**PROBLEM DESCRIPTION:** Only those lines in the data below from the line containing "lo <= lo' -> lo'" through the line containing "have ext_e g", both included, should be restated word for word.
***** PROVIDED ENTRIES
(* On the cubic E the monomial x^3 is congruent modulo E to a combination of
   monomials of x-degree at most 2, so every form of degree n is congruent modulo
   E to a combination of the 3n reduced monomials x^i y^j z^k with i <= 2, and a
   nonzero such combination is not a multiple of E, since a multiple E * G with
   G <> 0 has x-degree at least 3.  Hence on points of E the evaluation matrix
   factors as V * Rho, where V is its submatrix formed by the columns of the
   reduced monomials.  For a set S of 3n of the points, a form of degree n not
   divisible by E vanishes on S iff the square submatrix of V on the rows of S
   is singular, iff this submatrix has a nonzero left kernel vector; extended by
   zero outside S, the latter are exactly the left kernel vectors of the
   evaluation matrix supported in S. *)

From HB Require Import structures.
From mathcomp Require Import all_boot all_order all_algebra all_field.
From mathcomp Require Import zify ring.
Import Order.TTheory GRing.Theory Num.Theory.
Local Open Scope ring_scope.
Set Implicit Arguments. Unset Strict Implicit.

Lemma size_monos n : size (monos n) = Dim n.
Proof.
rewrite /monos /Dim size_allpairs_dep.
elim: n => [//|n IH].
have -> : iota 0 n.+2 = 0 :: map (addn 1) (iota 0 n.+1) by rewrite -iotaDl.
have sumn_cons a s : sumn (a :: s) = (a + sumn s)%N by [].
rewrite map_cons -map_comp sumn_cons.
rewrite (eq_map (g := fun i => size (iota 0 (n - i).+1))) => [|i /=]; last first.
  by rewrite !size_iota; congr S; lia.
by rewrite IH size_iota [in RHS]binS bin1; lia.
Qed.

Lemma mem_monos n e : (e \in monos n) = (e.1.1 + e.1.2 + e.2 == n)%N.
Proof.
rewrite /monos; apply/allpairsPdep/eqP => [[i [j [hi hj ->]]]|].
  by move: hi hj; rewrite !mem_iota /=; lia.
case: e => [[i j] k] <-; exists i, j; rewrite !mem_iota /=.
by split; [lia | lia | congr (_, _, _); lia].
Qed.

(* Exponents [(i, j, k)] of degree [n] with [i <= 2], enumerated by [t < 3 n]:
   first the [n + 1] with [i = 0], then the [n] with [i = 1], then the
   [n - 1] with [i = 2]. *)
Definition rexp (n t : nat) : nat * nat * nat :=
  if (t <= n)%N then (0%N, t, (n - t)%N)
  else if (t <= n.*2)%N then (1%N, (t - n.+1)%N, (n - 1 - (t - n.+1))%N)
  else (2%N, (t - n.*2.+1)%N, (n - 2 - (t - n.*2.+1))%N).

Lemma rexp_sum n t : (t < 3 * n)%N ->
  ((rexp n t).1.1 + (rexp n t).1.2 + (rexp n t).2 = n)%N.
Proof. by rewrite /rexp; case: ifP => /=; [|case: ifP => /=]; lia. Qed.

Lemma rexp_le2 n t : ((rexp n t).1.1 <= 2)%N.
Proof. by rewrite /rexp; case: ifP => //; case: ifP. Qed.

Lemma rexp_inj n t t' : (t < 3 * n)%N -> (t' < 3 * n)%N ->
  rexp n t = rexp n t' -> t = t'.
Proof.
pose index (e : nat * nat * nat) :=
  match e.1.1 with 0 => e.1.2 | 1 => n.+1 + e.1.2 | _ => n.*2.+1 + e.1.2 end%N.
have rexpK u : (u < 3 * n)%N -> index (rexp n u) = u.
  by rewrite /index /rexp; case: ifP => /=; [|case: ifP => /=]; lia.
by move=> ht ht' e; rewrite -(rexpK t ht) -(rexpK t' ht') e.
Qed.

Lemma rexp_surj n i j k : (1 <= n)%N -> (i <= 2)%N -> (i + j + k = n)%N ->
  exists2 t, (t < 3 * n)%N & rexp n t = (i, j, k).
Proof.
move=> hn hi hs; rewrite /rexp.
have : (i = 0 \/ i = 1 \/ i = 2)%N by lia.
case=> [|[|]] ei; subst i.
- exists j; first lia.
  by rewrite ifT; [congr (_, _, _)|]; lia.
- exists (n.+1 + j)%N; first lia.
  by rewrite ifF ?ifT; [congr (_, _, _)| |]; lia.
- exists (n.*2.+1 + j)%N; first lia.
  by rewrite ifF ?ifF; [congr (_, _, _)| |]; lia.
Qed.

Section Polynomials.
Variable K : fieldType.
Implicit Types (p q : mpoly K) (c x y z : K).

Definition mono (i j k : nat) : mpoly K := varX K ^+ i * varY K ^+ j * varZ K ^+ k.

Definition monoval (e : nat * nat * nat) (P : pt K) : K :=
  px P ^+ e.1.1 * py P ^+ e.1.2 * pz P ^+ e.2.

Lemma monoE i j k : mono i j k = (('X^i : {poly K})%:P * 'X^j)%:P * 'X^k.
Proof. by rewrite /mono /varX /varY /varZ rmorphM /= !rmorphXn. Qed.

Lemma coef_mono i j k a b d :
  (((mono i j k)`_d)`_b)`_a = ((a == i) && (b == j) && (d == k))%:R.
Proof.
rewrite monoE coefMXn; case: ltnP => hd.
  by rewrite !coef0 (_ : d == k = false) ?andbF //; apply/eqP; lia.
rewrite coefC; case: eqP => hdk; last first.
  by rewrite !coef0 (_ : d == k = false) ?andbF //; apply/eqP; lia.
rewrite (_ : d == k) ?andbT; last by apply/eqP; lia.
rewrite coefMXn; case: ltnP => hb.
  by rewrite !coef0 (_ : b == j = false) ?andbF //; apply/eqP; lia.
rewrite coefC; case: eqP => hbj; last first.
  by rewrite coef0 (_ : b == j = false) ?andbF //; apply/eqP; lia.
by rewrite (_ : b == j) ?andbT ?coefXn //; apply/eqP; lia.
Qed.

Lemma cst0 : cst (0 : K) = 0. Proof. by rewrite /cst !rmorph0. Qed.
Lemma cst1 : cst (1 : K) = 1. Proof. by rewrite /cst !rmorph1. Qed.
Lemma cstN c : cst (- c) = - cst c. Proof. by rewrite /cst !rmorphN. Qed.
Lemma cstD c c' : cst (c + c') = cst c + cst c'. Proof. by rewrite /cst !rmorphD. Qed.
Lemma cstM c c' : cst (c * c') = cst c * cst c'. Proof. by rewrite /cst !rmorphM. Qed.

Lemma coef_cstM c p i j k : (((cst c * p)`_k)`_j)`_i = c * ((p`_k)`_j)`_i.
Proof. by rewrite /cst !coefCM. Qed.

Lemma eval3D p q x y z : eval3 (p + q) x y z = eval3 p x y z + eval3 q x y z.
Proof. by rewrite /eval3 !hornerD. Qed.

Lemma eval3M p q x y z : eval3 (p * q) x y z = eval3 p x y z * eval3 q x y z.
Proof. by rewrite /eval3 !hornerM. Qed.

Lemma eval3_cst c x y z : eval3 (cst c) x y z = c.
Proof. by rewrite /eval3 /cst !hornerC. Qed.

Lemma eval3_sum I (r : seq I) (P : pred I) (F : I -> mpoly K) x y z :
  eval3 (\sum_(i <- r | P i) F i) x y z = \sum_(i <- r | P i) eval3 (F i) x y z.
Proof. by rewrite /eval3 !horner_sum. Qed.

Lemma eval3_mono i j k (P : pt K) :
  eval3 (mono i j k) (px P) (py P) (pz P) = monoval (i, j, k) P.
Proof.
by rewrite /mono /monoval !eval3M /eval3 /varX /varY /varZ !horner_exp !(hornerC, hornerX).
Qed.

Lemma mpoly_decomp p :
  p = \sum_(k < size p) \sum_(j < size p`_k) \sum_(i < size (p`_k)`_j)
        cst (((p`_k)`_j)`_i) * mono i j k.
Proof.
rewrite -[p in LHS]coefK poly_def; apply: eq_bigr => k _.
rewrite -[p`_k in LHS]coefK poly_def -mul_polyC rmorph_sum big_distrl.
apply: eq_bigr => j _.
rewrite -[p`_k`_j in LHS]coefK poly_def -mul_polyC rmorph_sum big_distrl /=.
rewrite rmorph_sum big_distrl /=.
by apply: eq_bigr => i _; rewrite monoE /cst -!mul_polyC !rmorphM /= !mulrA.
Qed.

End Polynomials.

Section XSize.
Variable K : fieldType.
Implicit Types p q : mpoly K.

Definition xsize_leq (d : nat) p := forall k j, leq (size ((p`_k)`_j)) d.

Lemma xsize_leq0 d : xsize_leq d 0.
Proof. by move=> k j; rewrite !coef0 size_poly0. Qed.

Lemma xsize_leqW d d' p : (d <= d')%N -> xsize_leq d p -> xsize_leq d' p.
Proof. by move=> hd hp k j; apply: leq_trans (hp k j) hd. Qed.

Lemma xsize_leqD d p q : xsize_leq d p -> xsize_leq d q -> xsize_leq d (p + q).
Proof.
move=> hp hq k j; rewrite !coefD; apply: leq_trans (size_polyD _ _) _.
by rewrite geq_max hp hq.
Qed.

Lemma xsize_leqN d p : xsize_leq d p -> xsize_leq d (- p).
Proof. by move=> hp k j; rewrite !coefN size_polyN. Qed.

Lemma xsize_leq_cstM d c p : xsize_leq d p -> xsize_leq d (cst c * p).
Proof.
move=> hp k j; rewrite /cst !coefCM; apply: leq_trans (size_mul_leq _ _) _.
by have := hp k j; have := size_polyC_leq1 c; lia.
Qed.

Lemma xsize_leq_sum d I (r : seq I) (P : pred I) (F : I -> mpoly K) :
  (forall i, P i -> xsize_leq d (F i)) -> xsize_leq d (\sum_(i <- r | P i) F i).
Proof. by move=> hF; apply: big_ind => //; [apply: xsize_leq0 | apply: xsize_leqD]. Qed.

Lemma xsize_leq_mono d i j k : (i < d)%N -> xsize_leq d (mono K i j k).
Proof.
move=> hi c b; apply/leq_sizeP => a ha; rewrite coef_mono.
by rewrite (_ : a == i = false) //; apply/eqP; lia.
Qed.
**********
***** PROVIDED ENTRIES
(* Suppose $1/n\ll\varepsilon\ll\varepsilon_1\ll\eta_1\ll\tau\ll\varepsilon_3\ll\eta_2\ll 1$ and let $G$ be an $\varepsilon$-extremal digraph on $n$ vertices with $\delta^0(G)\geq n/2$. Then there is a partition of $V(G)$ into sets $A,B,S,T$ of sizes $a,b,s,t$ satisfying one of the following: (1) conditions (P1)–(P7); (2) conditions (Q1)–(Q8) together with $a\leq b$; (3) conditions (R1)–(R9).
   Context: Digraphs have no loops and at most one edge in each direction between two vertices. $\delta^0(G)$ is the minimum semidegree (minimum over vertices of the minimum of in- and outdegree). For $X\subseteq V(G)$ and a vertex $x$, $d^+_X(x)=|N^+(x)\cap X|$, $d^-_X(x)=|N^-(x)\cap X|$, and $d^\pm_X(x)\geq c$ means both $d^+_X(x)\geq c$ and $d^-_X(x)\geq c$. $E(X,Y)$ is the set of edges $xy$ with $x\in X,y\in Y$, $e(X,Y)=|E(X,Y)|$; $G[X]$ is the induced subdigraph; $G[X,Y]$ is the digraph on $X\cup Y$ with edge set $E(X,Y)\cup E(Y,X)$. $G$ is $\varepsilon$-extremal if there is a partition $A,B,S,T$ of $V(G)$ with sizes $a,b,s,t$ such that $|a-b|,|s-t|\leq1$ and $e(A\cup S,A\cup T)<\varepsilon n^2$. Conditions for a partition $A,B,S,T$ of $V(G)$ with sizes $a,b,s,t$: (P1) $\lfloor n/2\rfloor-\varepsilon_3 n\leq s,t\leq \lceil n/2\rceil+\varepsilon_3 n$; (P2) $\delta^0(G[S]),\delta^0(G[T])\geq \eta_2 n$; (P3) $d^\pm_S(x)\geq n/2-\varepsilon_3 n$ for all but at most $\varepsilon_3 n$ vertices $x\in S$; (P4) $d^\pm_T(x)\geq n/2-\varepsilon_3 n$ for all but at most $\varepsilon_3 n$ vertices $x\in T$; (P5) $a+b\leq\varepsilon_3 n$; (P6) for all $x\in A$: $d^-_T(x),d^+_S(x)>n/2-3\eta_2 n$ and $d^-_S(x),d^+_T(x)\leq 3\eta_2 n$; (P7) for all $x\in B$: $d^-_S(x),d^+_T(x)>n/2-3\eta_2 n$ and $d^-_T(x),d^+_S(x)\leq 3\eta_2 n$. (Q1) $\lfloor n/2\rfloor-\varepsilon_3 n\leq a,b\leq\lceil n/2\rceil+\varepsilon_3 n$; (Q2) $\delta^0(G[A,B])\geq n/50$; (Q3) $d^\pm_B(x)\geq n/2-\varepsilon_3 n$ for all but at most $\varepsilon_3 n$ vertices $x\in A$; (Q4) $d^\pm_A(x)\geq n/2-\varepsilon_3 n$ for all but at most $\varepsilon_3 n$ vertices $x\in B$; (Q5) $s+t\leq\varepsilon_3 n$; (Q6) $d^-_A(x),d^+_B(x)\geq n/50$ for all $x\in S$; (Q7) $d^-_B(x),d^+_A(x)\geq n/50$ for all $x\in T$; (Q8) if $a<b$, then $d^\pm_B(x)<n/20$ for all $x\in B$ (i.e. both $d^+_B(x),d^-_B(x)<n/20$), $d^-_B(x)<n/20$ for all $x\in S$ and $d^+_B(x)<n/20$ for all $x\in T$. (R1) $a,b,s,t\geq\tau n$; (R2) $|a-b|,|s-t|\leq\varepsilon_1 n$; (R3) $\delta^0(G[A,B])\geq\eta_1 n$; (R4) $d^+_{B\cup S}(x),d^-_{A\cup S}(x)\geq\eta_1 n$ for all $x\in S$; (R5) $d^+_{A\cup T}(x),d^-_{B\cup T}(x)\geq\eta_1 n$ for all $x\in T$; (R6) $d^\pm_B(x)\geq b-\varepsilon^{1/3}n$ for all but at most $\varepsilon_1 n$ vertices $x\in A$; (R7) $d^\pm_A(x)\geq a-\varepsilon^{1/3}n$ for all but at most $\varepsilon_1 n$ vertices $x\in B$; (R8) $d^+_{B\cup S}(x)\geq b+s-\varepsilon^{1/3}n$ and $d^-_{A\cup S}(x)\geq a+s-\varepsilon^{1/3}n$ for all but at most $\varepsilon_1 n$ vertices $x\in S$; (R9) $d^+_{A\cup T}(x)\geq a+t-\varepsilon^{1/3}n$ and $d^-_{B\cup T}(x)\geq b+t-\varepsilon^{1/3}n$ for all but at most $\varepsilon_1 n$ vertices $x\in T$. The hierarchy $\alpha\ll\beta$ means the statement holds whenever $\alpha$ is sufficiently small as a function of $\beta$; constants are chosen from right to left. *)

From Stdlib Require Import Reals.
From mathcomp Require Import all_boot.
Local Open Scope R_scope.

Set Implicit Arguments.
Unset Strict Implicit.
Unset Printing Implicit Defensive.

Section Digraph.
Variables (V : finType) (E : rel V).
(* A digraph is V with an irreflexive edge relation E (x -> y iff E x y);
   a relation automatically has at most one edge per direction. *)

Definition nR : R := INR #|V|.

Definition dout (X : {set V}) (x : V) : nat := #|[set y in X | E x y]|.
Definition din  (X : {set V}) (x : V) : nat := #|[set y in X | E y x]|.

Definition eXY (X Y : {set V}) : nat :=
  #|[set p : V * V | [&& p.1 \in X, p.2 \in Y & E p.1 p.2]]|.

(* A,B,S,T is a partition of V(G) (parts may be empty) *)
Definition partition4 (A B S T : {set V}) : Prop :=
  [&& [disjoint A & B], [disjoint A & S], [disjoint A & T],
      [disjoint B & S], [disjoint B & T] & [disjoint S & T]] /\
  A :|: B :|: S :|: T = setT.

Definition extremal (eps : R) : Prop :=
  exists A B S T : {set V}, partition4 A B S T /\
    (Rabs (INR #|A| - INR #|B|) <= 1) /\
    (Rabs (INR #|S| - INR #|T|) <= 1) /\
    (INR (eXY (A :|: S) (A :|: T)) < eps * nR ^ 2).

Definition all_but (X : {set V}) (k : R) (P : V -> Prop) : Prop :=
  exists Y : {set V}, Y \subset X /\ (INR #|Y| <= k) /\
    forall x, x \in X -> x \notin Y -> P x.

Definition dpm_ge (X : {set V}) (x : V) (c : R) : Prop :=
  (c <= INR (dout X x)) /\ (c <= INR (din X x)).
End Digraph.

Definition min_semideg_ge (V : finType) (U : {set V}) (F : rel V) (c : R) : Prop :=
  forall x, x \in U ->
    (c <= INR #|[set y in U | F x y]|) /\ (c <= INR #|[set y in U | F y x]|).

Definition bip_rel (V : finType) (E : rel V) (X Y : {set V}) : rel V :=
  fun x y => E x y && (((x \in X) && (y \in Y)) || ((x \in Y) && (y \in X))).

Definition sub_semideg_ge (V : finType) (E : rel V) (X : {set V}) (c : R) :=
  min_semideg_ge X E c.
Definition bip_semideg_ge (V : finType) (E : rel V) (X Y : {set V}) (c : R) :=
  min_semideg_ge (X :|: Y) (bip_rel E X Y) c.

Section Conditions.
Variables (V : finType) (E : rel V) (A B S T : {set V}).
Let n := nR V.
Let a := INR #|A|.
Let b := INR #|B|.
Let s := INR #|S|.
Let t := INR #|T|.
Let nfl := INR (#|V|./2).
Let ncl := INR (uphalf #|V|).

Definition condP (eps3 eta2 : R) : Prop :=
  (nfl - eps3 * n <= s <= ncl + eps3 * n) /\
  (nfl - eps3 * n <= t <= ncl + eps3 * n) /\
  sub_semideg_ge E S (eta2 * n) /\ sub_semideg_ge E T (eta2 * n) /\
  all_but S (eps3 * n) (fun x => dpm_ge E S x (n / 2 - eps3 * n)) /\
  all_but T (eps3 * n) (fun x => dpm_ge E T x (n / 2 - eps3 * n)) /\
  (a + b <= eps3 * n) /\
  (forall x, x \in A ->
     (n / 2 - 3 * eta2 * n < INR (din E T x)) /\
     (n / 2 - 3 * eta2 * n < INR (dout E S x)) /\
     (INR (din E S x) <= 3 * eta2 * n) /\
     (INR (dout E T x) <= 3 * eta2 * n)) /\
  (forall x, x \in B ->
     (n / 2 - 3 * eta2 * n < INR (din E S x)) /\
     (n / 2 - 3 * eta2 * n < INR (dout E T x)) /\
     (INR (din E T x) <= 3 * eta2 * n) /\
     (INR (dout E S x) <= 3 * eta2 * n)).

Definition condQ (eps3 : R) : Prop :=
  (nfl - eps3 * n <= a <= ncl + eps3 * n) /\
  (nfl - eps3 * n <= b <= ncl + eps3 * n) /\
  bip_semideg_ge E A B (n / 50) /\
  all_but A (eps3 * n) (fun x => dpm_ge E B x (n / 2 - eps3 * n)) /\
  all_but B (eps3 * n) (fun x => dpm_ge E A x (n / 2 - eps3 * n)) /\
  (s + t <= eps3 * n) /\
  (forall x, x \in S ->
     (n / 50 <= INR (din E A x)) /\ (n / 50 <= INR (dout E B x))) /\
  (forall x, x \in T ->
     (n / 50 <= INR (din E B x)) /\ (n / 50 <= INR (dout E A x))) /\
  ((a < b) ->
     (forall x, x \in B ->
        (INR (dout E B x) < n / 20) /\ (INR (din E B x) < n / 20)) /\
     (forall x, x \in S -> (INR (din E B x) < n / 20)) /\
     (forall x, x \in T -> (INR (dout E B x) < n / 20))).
**********
***** PROVIDED ENTRIES
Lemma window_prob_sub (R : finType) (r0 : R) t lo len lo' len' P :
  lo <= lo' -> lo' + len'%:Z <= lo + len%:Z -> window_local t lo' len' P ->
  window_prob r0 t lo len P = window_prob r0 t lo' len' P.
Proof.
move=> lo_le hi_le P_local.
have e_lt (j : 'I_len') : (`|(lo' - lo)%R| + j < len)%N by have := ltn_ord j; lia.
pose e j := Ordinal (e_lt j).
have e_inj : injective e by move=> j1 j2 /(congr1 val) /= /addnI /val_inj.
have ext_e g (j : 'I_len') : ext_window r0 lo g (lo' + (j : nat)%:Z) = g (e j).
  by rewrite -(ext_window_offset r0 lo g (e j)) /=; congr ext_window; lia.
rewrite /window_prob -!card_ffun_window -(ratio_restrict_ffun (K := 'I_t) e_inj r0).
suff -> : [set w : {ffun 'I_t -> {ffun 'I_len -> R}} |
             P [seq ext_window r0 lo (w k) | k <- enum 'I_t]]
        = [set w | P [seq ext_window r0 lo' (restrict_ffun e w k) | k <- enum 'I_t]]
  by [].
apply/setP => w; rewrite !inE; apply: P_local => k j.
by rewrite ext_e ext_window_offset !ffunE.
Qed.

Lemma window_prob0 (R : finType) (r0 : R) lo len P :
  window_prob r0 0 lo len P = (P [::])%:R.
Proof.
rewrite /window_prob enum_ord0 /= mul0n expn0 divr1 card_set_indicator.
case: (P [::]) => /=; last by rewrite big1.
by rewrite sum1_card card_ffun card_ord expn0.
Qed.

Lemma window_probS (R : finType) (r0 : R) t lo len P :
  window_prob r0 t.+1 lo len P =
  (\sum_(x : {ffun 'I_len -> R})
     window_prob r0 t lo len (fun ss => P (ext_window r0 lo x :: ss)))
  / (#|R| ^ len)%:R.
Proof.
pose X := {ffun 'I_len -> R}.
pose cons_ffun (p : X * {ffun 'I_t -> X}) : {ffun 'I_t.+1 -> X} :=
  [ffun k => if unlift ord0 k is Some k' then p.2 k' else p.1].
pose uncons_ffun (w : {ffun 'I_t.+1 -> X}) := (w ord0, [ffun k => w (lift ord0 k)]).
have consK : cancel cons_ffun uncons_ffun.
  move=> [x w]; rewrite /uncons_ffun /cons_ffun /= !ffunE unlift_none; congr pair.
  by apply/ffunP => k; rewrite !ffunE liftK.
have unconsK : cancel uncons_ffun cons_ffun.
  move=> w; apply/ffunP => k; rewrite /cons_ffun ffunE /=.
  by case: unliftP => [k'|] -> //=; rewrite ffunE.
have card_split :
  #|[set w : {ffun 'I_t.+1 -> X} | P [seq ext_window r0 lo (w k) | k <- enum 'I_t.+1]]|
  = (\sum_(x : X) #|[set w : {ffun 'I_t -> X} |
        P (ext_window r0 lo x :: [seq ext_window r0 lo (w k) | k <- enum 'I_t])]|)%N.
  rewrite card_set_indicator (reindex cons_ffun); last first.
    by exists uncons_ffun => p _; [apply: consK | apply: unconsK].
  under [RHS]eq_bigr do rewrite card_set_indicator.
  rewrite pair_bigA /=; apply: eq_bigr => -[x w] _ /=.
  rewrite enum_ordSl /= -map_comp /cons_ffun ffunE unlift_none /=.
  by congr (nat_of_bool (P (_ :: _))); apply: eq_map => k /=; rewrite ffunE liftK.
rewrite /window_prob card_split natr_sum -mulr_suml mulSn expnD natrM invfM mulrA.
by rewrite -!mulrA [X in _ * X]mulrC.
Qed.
**********
**ANSWER TO THE EXERCISE:**
  lo <= lo' -> lo' + len'%:Z <= lo + len%:Z -> window_local t lo' len' P ->
  window_prob r0 t lo len P = window_prob r0 t lo' len' P.
Proof.
move=> lo_le hi_le P_local.
have e_lt (j : 'I_len') : (`|(lo' - lo)%R| + j < len)%N by have := ltn_ord j; lia.
pose e j := Ordinal (e_lt j).
have e_inj : injective e by move=> j1 j2 /(congr1 val) /= /addnI /val_inj.
have ext_e g (j : 'I_len') : ext_window r0 lo g (lo' + (j : nat)%:Z) = g (e j).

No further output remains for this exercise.